---------- The data ----------
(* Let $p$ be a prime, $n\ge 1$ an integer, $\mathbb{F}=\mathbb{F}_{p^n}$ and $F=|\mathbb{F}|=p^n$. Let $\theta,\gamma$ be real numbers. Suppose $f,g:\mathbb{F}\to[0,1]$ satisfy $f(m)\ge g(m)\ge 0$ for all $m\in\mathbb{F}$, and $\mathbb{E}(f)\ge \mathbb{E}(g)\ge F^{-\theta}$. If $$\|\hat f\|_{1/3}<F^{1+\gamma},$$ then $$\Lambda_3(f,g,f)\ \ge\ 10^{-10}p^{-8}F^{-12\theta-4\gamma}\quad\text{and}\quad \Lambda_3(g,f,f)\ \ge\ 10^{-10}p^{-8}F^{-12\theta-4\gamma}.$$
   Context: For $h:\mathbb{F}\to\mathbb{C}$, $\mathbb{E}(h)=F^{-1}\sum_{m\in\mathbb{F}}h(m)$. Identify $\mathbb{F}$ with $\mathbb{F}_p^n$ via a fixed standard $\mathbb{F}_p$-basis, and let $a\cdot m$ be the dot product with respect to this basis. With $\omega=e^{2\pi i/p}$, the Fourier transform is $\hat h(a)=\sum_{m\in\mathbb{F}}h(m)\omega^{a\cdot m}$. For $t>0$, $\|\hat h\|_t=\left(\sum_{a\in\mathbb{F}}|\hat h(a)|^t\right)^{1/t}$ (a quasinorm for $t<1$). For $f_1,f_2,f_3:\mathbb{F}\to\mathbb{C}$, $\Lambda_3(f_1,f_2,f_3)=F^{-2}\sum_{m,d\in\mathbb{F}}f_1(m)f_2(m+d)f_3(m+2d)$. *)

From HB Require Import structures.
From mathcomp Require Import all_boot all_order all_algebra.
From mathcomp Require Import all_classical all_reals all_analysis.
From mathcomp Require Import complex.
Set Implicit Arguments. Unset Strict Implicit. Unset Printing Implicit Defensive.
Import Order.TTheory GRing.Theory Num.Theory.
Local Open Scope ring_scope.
----------
---------- The data ----------
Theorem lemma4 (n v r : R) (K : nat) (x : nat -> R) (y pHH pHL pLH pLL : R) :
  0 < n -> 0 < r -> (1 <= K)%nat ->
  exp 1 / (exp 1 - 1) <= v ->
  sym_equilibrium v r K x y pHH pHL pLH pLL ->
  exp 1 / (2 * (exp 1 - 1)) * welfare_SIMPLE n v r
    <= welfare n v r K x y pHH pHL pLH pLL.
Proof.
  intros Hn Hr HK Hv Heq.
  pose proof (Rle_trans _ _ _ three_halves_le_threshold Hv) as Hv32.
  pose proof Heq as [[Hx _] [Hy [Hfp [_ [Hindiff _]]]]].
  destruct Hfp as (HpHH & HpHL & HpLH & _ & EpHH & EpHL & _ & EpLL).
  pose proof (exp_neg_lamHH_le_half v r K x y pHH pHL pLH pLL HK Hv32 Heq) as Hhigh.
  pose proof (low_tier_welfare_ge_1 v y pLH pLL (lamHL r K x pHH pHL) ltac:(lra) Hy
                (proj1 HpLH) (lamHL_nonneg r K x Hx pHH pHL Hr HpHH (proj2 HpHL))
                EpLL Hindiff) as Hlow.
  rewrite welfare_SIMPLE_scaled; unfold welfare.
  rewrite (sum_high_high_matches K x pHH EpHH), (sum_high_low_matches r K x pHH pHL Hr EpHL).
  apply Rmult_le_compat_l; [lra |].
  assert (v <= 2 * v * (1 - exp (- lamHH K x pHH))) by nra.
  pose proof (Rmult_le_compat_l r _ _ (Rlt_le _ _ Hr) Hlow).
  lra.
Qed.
----------
» **Requirement**
A verbatim transcription is needed of the lines above, starting at the line with "(* Let $p$ be" and ending at the line with "via a fixed", both included, and of nothing else.

» **Written answer**
(* Let $p$ be a prime, $n\ge 1$ an integer, $\mathbb{F}=\mathbb{F}_{p^n}$ and $F=|\mathbb{F}|=p^n$. Let $\theta,\gamma$ be real numbers. Suppose $f,g:\mathbb{F}\to[0,1]$ satisfy $f(m)\ge g(m)\ge 0$ for all $m\in\mathbb{F}$, and $\mathbb{E}(f)\ge \mathbb{E}(g)\ge F^{-\theta}$. If $$\|\hat f\|_{1/3}<F^{1+\gamma},$$ then $$\Lambda_3(f,g,f)\ \ge\ 10^{-10}p^{-8}F^{-12\theta-4\gamma}\quad\text{and}\quad \Lambda_3(g,f,f)\ \ge\ 10^{-10}p^{-8}F^{-12\theta-4\gamma}.$$
   Context: For $h:\mathbb{F}\to\mathbb{C}$, $\mathbb{E}(h)=F^{-1}\sum_{m\in\mathbb{F}}h(m)$. Identify $\mathbb{F}$ with $\mathbb{F}_p^n$ via a fixed standard $\mathbb{F}_p$-basis, and let $a\cdot m$ be the dot product with respect to this basis. With $\omega=e^{2\pi i/p}$, the Fourier transform is $\hat h(a)=\sum_{m\in\mathbb{F}}h(m)\omega^{a\cdot m}$. For $t>0$, $\|\hat h\|_t=\left(\sum_{a\in\mathbb{F}}|\hat h(a)|^t\right)^{1/t}$ (a quasinorm for $t<1$). For $f_1,f_2,f_3:\mathbb{F}\to\mathbb{C}$, $\Lambda_3(f_1,f_2,f_3)=F^{-2}\sum_{m,d\in\mathbb{F}}f_1(m)f_2(m+d)f_3(m+2d)$. *)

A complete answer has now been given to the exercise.